**Aim of the task**
Which lines run from the line with "Definition deg (T" through the line with "From mathcomp Require Import zify lra boolp." in the entries below? Print them exactly, both ends included, and nothing more.

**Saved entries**
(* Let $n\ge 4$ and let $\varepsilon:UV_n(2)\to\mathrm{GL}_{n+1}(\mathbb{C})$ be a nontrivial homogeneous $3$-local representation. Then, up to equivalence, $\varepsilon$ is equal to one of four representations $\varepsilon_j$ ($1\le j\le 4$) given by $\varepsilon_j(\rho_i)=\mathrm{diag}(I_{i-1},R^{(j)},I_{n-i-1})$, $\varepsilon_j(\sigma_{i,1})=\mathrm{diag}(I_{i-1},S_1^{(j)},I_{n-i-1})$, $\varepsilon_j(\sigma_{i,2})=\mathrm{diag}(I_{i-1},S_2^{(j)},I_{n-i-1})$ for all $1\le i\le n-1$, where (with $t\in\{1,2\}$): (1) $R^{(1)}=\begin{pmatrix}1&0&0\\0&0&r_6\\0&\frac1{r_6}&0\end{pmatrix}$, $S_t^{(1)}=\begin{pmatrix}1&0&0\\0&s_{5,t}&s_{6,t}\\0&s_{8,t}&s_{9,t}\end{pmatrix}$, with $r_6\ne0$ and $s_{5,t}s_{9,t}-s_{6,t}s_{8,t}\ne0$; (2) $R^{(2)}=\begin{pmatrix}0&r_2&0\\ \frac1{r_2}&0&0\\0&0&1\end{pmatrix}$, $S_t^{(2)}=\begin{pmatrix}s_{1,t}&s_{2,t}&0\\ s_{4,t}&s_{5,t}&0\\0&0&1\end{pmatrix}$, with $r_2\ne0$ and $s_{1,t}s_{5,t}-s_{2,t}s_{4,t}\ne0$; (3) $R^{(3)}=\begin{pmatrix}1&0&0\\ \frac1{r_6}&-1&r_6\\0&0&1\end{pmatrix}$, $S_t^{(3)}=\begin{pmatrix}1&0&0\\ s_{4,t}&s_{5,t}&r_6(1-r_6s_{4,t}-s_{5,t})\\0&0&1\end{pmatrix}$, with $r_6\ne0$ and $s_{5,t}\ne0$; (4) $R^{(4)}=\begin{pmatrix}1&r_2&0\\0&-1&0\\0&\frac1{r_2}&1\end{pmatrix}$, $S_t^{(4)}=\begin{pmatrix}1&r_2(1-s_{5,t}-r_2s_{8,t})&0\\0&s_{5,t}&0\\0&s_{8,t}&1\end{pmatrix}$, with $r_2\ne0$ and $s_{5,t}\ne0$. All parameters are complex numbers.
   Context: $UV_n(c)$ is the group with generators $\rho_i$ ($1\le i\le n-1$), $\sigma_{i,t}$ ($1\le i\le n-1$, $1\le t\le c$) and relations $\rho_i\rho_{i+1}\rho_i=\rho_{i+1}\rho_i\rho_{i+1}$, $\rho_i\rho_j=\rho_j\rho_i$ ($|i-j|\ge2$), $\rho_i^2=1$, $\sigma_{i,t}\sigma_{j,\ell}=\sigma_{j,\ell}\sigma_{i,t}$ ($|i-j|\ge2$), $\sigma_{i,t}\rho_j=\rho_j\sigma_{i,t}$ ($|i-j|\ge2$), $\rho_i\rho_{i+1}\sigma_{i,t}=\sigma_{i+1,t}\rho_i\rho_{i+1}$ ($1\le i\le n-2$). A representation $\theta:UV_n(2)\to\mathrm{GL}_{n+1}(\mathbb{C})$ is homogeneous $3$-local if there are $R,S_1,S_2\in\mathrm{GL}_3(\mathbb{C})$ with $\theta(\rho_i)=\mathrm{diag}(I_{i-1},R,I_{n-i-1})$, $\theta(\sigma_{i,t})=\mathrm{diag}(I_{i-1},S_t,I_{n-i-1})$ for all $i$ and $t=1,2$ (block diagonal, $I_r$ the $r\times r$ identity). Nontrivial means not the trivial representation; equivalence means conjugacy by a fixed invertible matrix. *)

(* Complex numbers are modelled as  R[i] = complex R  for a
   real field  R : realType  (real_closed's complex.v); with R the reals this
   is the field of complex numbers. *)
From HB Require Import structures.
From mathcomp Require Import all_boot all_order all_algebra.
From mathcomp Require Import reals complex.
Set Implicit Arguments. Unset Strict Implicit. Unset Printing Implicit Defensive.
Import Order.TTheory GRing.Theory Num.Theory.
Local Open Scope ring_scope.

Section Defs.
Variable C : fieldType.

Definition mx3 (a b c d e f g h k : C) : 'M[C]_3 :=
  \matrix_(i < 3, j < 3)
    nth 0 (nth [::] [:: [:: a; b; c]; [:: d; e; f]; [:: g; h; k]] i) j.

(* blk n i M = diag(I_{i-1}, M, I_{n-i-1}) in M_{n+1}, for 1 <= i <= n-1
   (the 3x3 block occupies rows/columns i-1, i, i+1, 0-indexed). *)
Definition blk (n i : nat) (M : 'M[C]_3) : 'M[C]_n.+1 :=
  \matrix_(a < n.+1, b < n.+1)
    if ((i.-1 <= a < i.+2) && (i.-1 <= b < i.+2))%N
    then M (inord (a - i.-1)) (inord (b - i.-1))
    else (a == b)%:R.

...

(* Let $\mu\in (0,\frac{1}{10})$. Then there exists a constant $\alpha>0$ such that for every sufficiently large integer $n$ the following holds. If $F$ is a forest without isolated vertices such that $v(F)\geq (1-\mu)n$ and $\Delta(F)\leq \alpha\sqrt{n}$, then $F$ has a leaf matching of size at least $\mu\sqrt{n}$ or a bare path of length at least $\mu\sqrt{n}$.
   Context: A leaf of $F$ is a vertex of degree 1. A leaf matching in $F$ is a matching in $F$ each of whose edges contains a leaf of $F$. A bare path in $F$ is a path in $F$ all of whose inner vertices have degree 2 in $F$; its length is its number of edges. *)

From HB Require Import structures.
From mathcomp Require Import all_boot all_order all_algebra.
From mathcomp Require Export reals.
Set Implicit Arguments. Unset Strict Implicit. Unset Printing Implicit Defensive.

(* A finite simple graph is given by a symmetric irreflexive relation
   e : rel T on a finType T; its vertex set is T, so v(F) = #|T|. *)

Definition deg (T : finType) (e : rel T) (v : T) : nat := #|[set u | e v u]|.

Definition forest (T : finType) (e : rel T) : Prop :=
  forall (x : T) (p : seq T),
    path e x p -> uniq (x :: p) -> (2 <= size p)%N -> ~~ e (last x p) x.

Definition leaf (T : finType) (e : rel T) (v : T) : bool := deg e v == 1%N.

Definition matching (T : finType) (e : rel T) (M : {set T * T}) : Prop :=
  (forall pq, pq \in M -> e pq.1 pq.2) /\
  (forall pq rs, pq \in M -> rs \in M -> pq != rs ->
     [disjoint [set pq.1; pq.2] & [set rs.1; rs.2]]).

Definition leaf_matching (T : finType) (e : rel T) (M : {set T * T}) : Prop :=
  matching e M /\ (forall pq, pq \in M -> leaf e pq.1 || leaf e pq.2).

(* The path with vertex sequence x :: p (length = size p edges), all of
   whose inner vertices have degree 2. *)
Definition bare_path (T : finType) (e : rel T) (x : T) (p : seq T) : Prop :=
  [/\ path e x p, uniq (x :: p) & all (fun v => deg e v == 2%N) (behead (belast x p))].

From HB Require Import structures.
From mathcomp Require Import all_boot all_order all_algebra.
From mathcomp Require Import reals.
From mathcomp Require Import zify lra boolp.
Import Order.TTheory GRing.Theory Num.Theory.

**Result for this task**
Definition deg (T : finType) (e : rel T) (v : T) : nat := #|[set u | e v u]|.

Definition forest (T : finType) (e : rel T) : Prop :=
  forall (x : T) (p : seq T),
    path e x p -> uniq (x :: p) -> (2 <= size p)%N -> ~~ e (last x p) x.

Definition leaf (T : finType) (e : rel T) (v : T) : bool := deg e v == 1%N.

Definition matching (T : finType) (e : rel T) (M : {set T * T}) : Prop :=
  (forall pq, pq \in M -> e pq.1 pq.2) /\
  (forall pq rs, pq \in M -> rs \in M -> pq != rs ->
     [disjoint [set pq.1; pq.2] & [set rs.1; rs.2]]).

Definition leaf_matching (T : finType) (e : rel T) (M : {set T * T}) : Prop :=
  matching e M /\ (forall pq, pq \in M -> leaf e pq.1 || leaf e pq.2).

(* The path with vertex sequence x :: p (length = size p edges), all of
   whose inner vertices have degree 2. *)
Definition bare_path (T : finType) (e : rel T) (x : T) (p : seq T) : Prop :=
  [/\ path e x p, uniq (x :: p) & all (fun v => deg e v == 2%N) (behead (belast x p))].

From HB Require Import structures.
From mathcomp Require Import all_boot all_order all_algebra.
From mathcomp Require Import reals.
From mathcomp Require Import zify lra boolp.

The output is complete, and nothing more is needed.